◆ Task to complete
Scan the records beneath this line for the line holding "(* A_C : row" and the line holding "t ^+ s.1 * g0 t ^+ s.2", then transcribe exactly those two and all lines between.

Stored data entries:
++++++++
(* Let $n_C,n_D\in\mathbb{N}$ and $\mathcal{S}=\{(s_C,s_D)\in\mathbb{N}_0^2: s_C\le n_C,\ s_D\le n_D\}$, enumerated as $\mathbf{s}_1,\dots,\mathbf{s}_{|\mathcal{S}|}$ with index map $\phi(\mathbf{s}_i)=i$. For $\boldsymbol\theta=(\theta_C,\theta_D)\in[0,1]^2$ let $\mathbb{P}_{\boldsymbol\theta}(\mathbf{S}=\mathbf{s})=\binom{n_C}{s_C}\theta_C^{s_C}(1-\theta_C)^{n_C-s_C}\binom{n_D}{s_D}\theta_D^{s_D}(1-\theta_D)^{n_D-s_D}$. Let $g_0$ be an increasing, differentiable function with $g_0(0)\in[0,1]$ and $g_0^{-1}(1)$ defined, and for $K\in\mathbb{N}$ let $0=\theta_1<\theta_2<\dots<\theta_K=g_0^{-1}(1)$. Let $d:\mathcal{S}\to\{0,1\}$ be a decision function, identified with the vector $\mathbf{d}\in\{0,1\}^{|\mathcal{S}|}$, $d_i=d(\mathbf{s}_i)$, satisfying Barnard's convexity condition: $d(\mathbf{s}-(1,0))\ge d(\mathbf{s})$ and $d(\mathbf{s}+(0,1))\ge d(\mathbf{s})$ for all $\mathbf{s}\in\mathcal{S}$ (whenever the shifted vector lies in $\mathcal{S}$). For $\theta\in[0,g_0^{-1}(1)]$ let $r_d(\theta)=\mathbb{P}_{(\theta,g_0(\theta))}(d(\mathbf{S})=1)$, and let $\mathbf{p}_{j,0}\in\mathbb{R}^{|\mathcal{S}|}$ have entries $p_{i,j,0}=\mathbb{P}_{(\theta_j,g_0(\theta_j))}(\mathbf{S}=\mathbf{s}_i)$, so that $r_d(\theta_j)=\mathbf{p}_{j,0}^\top\mathbf{d}$. Let $\mathbf{A}_C,\mathbf{A}_D$ be the $|\mathcal{S}|\times|\mathcal{S}|$ matrices whose $i$-th rows are $\mathbf{e}_i-\mathbf{e}_{\phi(\mathbf{s}_i+(1,0))}$ and $\mathbf{e}_i-\mathbf{e}_{\phi(\mathbf{s}_i-(0,1))}$ respectively, where $\mathbf{e}_i$ is the $i$-th standard unit vector and $\mathbf{e}_{\phi(\mathbf{s})}:=\mathbf{0}$ if $\mathbf{s}\notin\mathcal{S}$. For $j\in\{1,\dots,K-1\}$ define vectors $\mathbf{m}_{j,D},\mathbf{m}_{j,C}$ with entries (writing $\mathbf{s}_i=(s_C,s_D)$) $$m_{i,j,D}=n_D(\theta_{j+1}-\theta_j)\binom{n_C}{s_C}\binom{n_D-1}{s_D-1}\max_{\theta\in[\theta_j,\theta_{j+1}]} g_0'(\theta)\,\theta^{s_C}g_0(\theta)^{s_D-1}(1-\theta)^{n_C-s_C}(1-g_0(\theta))^{n_D-s_D},$$ $$m_{i,j,C}=n_C(\theta_{j+1}-\theta_j)\binom{n_C-1}{s_C}\binom{n_D}{s_D}\min_{\theta\in[\theta_j,\theta_{j+1}]} \theta^{s_C}g_0(\theta)^{s_D}(1-\theta)^{n_C-s_C-1}(1-g_0(\theta))^{n_D-s_D}.$$ Then for every $j\in\{1,\dots,K-1\}$ and every $\theta\in(\theta_j,\theta_{j+1})$, $$r_d(\theta)\le \mathbf{p}_{j,0}^\top\mathbf{d}+\max\bigl(0,\ (\mathbf{m}_{j,D}^\top\mathbf{A}_D-\mathbf{m}_{j,C}^\top\mathbf{A}_C)\mathbf{d}\bigr).$$
   Context: Conventions: $\binom{a}{b}=0$ if $b<0$ or $b>a$, and any entry whose binomial coefficient factor is $0$ is taken to be $0$ (regardless of negative exponents in the accompanying function). The setting is the one-sided two-sample binomial test of $H_0:\theta_D\le g_0(\theta_C)$, with $r_d$ the rejection rate of $d$ along the boundary $\{(\theta,g_0(\theta))\}$ of the null parameter set. *)

From HB Require Import structures.
From mathcomp Require Import all_boot all_order all_algebra.
From mathcomp Require Import all_classical all_reals all_analysis.
Set Implicit Arguments. Unset Strict Implicit. Unset Printing Implicit Defensive.
Import Order.TTheory GRing.Theory Num.Theory.
Local Open Scope ring_scope.

(* Sample space S = {(s_C,s_D) : s_C <= n_C, s_D <= n_D}, used directly as the
   finite index type of all |S|-vectors and |S|x|S|-matrices (the enumeration
   phi is then immaterial). *)
Notation Sidx nC nD := ('I_nC.+1 * 'I_nD.+1)%type.

Section Defs.
Variable R : realType.

Definition bR (b : bool) : R := (nat_of_bool b)%:R.

Definition binom_pmf (n : nat) (th : R) (k : nat) : R :=
  'C(n, k)%:R * th ^+ k * (1 - th) ^+ (n - k)%N.

Definition prob (nC nD : nat) (thC thD : R) (s : Sidx nC nD) : R :=
  binom_pmf nC thC s.1 * binom_pmf nD thD s.2.

Definition rej_rate (nC nD : nat) (g0 : R -> R) (d : Sidx nC nD -> bool) (th : R) : R :=
  \sum_(s : Sidx nC nD) bR (d s) * prob (th) (g0 th) s.

Definition p0 (nC nD : nat) (g0 : R -> R) (theta : nat -> R) (j : nat)
  (s : Sidx nC nD) : R := prob (theta j) (g0 (theta j)) s.

(* A_C : row s is e_s - e_{phi(s+(1,0))}  (second term 0 if s+(1,0) notin S) *)
Definition A_C (nC nD : nat) (s t : Sidx nC nD) : R :=
  bR (s == t) - bR ((nat_of_ord t.1 == (nat_of_ord s.1).+1) && (nat_of_ord t.2 == nat_of_ord s.2)).

(* A_D : row s is e_s - e_{phi(s-(0,1))}  (second term 0 if s-(0,1) notin S) *)
Definition A_D (nC nD : nat) (s t : Sidx nC nD) : R :=
  bR (s == t) - bR ((nat_of_ord t.1 == nat_of_ord s.1) && ((nat_of_ord t.2).+1 == nat_of_ord s.2)).

Definition vecmat (nC nD : nat) (m : Sidx nC nD -> R) (A : Sidx nC nD -> Sidx nC nD -> R)
  (t : Sidx nC nD) : R := \sum_(s : Sidx nC nD) m s * A s t.

Definition dotd (nC nD : nat) (v : Sidx nC nD -> R) (d : Sidx nC nD -> bool) : R :=
  \sum_(t : Sidx nC nD) v t * bR (d t).

(* the function maximised in m_{i,j,D} (only used when s_D >= 1) *)
Definition fD (nC nD : nat) (g0 g0' : R -> R) (s : Sidx nC nD) (t : R) : R :=
  g0' t * t ^+ s.1 * g0 t ^+ (s.2 - 1)%N * (1 - t) ^+ (nC - s.1)%N
    * (1 - g0 t) ^+ (nD - s.2)%N.

(* the function minimised in m_{i,j,C} (only used when s_C <= n_C - 1) *)
Definition fC (nC nD : nat) (g0 : R -> R) (s : Sidx nC nD) (t : R) : R :=
  t ^+ s.1 * g0 t ^+ s.2 * (1 - t) ^+ (nC - s.1 - 1)%N * (1 - g0 t) ^+ (nD - s.2)%N.

Definition is_max_on (f : R -> R) (a b M : R) : Prop :=
  (exists2 x, a <= x <= b & f x = M) /\ (forall x, a <= x <= b -> f x <= M).
Definition is_min_on (f : R -> R) (a b M : R) : Prop :=
  (exists2 x, a <= x <= b & f x = M) /\ (forall x, a <= x <= b -> M <= f x).

(* m_{j,D}; MD s j stands for max_{[theta_j,theta_{j+1}]} fD s.
   Entry is 0 when s_D = 0 (binomial C(n_D-1,-1) = 0). *)
Definition mD (nC nD : nat) (theta : nat -> R) (MD : Sidx nC nD -> nat -> R)
  (j : nat) (s : Sidx nC nD) : R :=
  if (nat_of_ord s.2 == 0)%N then 0 else
  nD%:R * (theta j.+1 - theta j) * 'C(nC, s.1)%:R * 'C(nD.-1, (s.2).-1)%:R * MD s j.

(* m_{j,C}; MC s j stands for min_{[theta_j,theta_{j+1}]} fC s.
   Entry is 0 when s_C = n_C (binomial C(n_C-1,n_C) = 0). *)
Definition mC (nC nD : nat) (theta : nat -> R) (MC : Sidx nC nD -> nat -> R)
  (j : nat) (s : Sidx nC nD) : R :=
  if (nC <= nat_of_ord s.1)%N then 0 else
  nC%:R * (theta j.+1 - theta j) * 'C(nC.-1, s.1)%:R * 'C(nD, s.2)%:R * MC s j.

End Defs.

From HB Require Import structures.
From mathcomp Require Import all_boot all_order all_algebra.
From mathcomp Require Import all_classical all_reals all_analysis.
From mathcomp Require Import ring lra zify.
Import Order.TTheory GRing.Theory Num.Theory.
Local Open Scope ring_scope.
Set Implicit Arguments. Unset Strict Implicit. Unset Printing Implicit Defensive.
(* Let $G$ be a quasi-regular mixed lattice group. (a) Let $u,v_1,v_2\in G$ with $0\preceq u$, $0\le v_1$, $0\preceq v_2$ and $u\le v_1+v_2$. Then there exist $u_1,u_2\in G$ with $0\le u_1\le v_1$, $0\preceq u_2\le v_2$ and $u=u_1+u_2$. Moreover, if $0\preceq v_1$ then $0\preceq u_1$, and if $u\preceq v_1+v_2$ then $u_2\preceq v_2$. (b) Let $u,v_1,v_2\in G$ with $0\le u$, $0\preceq v_1$, $0\le v_2$ and $u\preceq v_1+v_2$. Then there exist $u_1,u_2\in G$ with $0\le u_1\preceq v_1$, $0\le u_2\le v_2$ and $u=u_1+u_2$. Moreover, if $0\preceq u$ then $0\preceq u_1$.
   Context: A mixed lattice group is a commutative group $G$ with two translation-invariant partial orderings $\le$ (initial order) and $\preceq$ (specific order) such that for all $x,y\in G$ the mixed lower envelope $x\curlywedge y=\max\{w: w\preceq x,\ w\le y\}$ and the mixed upper envelope $x\curlyvee y=\min\{w: x\preceq w,\ y\le w\}$ exist (max/min with respect to $\le$). $G$ is quasi-regular if $G_{sp}=\{x: 0\preceq x\}$ is closed under $\curlywedge$ and $\curlyvee$. *)

From mathcomp Require Import all_boot all_algebra.
Set Implicit Arguments. Unset Strict Implicit. Unset Printing Implicit Defensive.
Import GRing.Theory.
Local Open Scope ring_scope.

Definition partial_order (G : Type) (r : G -> G -> Prop) : Prop :=
  [/\ (forall x, r x x),
      (forall x y z, r x y -> r y z -> r x z) &
      (forall x y, r x y -> r y x -> x = y)].

Definition translation_invariant (G : zmodType) (r : G -> G -> Prop) : Prop :=
  forall x y z : G, r x y -> r (x + z) (y + z).

(* w is the mixed lower envelope x ⋏ y : the <=-maximum of
   {w : w ≼ x, w <= y}  (le = initial order, sp = specific order). *)
Definition is_mixed_lower (G : Type) (le sp : G -> G -> Prop) (x y w : G) : Prop :=
  [/\ sp w x, le w y & forall z, sp z x -> le z y -> le z w].

Definition is_mixed_upper (G : Type) (le sp : G -> G -> Prop) (x y w : G) : Prop :=
  [/\ sp x w, le y w & forall z, sp x z -> le y z -> le w z].

Definition mixed_lattice_group (G : zmodType) (le sp : G -> G -> Prop) : Prop :=
  [/\ partial_order le, partial_order sp,
      translation_invariant le, translation_invariant sp &
      (forall x y : G, (exists w, is_mixed_lower le sp x y w) /\
                       (exists w, is_mixed_upper le sp x y w))].

Definition quasi_regular (G : zmodType) (le sp : G -> G -> Prop) : Prop :=
  (forall x y w : G, sp 0 x -> sp 0 y -> is_mixed_lower le sp x y w -> sp 0 w) /\
  (forall x y w : G, sp 0 x -> sp 0 y -> is_mixed_upper le sp x y w -> sp 0 w).

From mathcomp Require Import all_boot all_algebra.
Set Implicit Arguments. Unset Strict Implicit. Unset Printing Implicit Defensive.
Import GRing.Theory.
Local Open Scope ring_scope.

(* In both parts take u1 to be the mixed lower envelope of u and v1 (in that
   order for (a), in the other order for (b)) and u2 := u - u1.  Maximality of
   the envelope applied to u - v2 gives u2 <= v2.  For the specific bound
   u2 ≼ v2 in (a), translate the envelope by v2 - u: it becomes the envelope
   of v2 and v1 + v2 - u, two specifically positive elements, so
   quasi-regularity makes it specifically positive. *)

Section TranslationInvariant.

Variables (G : zmodType) (r : G -> G -> Prop).
Hypothesis r_ti : translation_invariant r.

Lemma ti_subr (x y z : G) : r x y -> r (x - z) (y - z).
Proof. exact: r_ti. Qed.

Lemma ti_ge0_sub (x y : G) : r 0 (y - x) <-> r x y.
Proof.
by split=> [/(r_ti x)|/(ti_subr x)]; rewrite ?add0r ?subrK ?subrr.
Qed.

Lemma ti_subl_ge0 (x v : G) : r 0 v -> r (x - v) x.
Proof. by move=> v_ge0; apply/ti_ge0_sub; rewrite opprB addrC subrK. Qed.

Lemma ti_subr_addr (x y z : G) : r x (y + z) -> r (x - z) y.
Proof. by move/(ti_subr z); rewrite addrK. Qed.

Lemma ti_subC (x y z : G) : r (x - y) z -> r (x - z) y.
Proof.
move/ti_ge0_sub=> le_xz; apply/ti_ge0_sub.
by rewrite opprB addrCA -opprB.
Qed.

End TranslationInvariant.

Section MixedLatticeGroup.

Variables (G : zmodType) (le sp : G -> G -> Prop).
Hypotheses (le_ti : translation_invariant le) (sp_ti : translation_invariant sp).
Hypothesis mixed_lower_exists : forall x y : G, exists w, is_mixed_lower le sp x y w.
Hypothesis sp_ge0_mixed_lower : forall x y w : G,
  sp 0 x -> sp 0 y -> is_mixed_lower le sp x y w -> sp 0 w.

Lemma mixed_lower_translate (x y w t : G) :
  is_mixed_lower le sp x y w -> is_mixed_lower le sp (x + t) (y + t) (w + t).
Proof.
case=> w_sp_x w_le_y w_max; split; [exact: sp_ti | exact: le_ti |].
move=> z z_sp z_le; rewrite -(subrK t z); apply: le_ti; apply: w_max.
- by move/(ti_subr sp_ti t): z_sp; rewrite addrK.
- by move/(ti_subr le_ti t): z_le; rewrite addrK.
Qed.

Lemma mixed_lower_compl_sp (u v1 v2 w : G) : is_mixed_lower le sp u v1 w ->
  sp 0 v2 -> sp u (v1 + v2) -> sp (u - w) v2.
Proof.
move=> /(mixed_lower_translate (v2 - u)) low v2_spos u_sp.
have v2_sp : sp 0 (u + (v2 - u)) by rewrite addrC subrK.
have v12_sp : sp 0 (v1 + (v2 - u)) by rewrite addrA; apply/(ti_ge0_sub sp_ti).
move: (sp_ge0_mixed_lower v2_sp v12_sp low) => w_spos.
by apply/(ti_ge0_sub sp_ti); rewrite opprB addrCA.
Qed.

Lemma decomposition_sp_le (u v1 v2 : G) :
  sp 0 u -> le 0 v1 -> sp 0 v2 -> le u (v1 + v2) ->
  exists u1 u2 : G,
    [/\ le 0 u1, le u1 v1, sp 0 u2, le u2 v2 &
        [/\ u = u1 + u2, (sp 0 v1 -> sp 0 u1) & (sp u (v1 + v2) -> sp u2 v2)]].
Proof.
move=> u_spos v1_pos v2_spos u_le.
have [w low] := mixed_lower_exists u v1; have [w_sp_u w_le_v1 w_max] := low.
exists w, (u - w); split=> //.
- exact: w_max.
- exact/(ti_ge0_sub sp_ti).
- apply: (ti_subC le_ti); apply: w_max.
  + exact: ti_subl_ge0.
  + exact: ti_subr_addr.
- split; first by rewrite addrC subrK.
  + by move=> v1_spos; apply: sp_ge0_mixed_lower low.
  + exact: mixed_lower_compl_sp.
Qed.

Lemma decomposition_le_sp (u v1 v2 : G) :
  le 0 u -> sp 0 v1 -> le 0 v2 -> sp u (v1 + v2) ->
  exists u1 u2 : G,
    [/\ le 0 u1, sp u1 v1, le 0 u2, le u2 v2 &
        u = u1 + u2 /\ (sp 0 u -> sp 0 u1)].
Proof.
move=> u_pos v1_spos v2_pos u_sp.
have [w low] := mixed_lower_exists v1 u; have [w_sp_v1 w_le_u w_max] := low.
exists w, (u - w); split=> //.
- exact: w_max.
- exact/(ti_ge0_sub le_ti).
- apply: (ti_subC le_ti); apply: w_max.
  + exact: ti_subr_addr.
  + exact: ti_subl_ge0.
- split; first by rewrite addrC subrK.
  by move=> u_spos; apply: sp_ge0_mixed_lower low.
Qed.

End MixedLatticeGroup.

Theorem theorem3p9 (G : zmodType) (le sp : G -> G -> Prop)
  (HG : mixed_lattice_group le sp) (Hq : quasi_regular le sp) :
  (forall u v1 v2 : G,
     sp 0 u -> le 0 v1 -> sp 0 v2 -> le u (v1 + v2) ->
     exists u1 u2 : G,
       [/\ le 0 u1, le u1 v1, sp 0 u2, le u2 v2 &
           [/\ u = u1 + u2, (sp 0 v1 -> sp 0 u1) & (sp u (v1 + v2) -> sp u2 v2)]]) /\
  (forall u v1 v2 : G,
     le 0 u -> sp 0 v1 -> le 0 v2 -> sp u (v1 + v2) ->
     exists u1 u2 : G,
       [/\ le 0 u1, sp u1 v1, le 0 u2, le u2 v2 &
           u = u1 + u2 /\ (sp 0 u -> sp 0 u1)]).
Proof.
case: HG Hq => _ _ le_ti sp_ti envelopes [sp_ge0_lower _].
have lower_exists x y := proj1 (envelopes x y).
split=> u v1 v2.
- exact: decomposition_sp_le le_ti sp_ti lower_exists sp_ge0_lower u v1 v2.
- exact: decomposition_le_sp le_ti sp_ti lower_exists sp_ge0_lower u v1 v2.
Qed.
++++++++
◆ Task output
(* A_C : row s is e_s - e_{phi(s+(1,0))}  (second term 0 if s+(1,0) notin S) *)
Definition A_C (nC nD : nat) (s t : Sidx nC nD) : R :=
  bR (s == t) - bR ((nat_of_ord t.1 == (nat_of_ord s.1).+1) && (nat_of_ord t.2 == nat_of_ord s.2)).

(* A_D : row s is e_s - e_{phi(s-(0,1))}  (second term 0 if s-(0,1) notin S) *)
Definition A_D (nC nD : nat) (s t : Sidx nC nD) : R :=
  bR (s == t) - bR ((nat_of_ord t.1 == nat_of_ord s.1) && ((nat_of_ord t.2).+1 == nat_of_ord s.2)).

Definition vecmat (nC nD : nat) (m : Sidx nC nD -> R) (A : Sidx nC nD -> Sidx nC nD -> R)
  (t : Sidx nC nD) : R := \sum_(s : Sidx nC nD) m s * A s t.

Definition dotd (nC nD : nat) (v : Sidx nC nD -> R) (d : Sidx nC nD -> bool) : R :=
  \sum_(t : Sidx nC nD) v t * bR (d t).

(* the function maximised in m_{i,j,D} (only used when s_D >= 1) *)
Definition fD (nC nD : nat) (g0 g0' : R -> R) (s : Sidx nC nD) (t : R) : R :=
  g0' t * t ^+ s.1 * g0 t ^+ (s.2 - 1)%N * (1 - t) ^+ (nC - s.1)%N
    * (1 - g0 t) ^+ (nD - s.2)%N.

(* the function minimised in m_{i,j,C} (only used when s_C <= n_C - 1) *)
Definition fC (nC nD : nat) (g0 : R -> R) (s : Sidx nC nD) (t : R) : R :=
  t ^+ s.1 * g0 t ^+ s.2 * (1 - t) ^+ (nC - s.1 - 1)%N * (1 - g0 t) ^+ (nD - s.2)%N.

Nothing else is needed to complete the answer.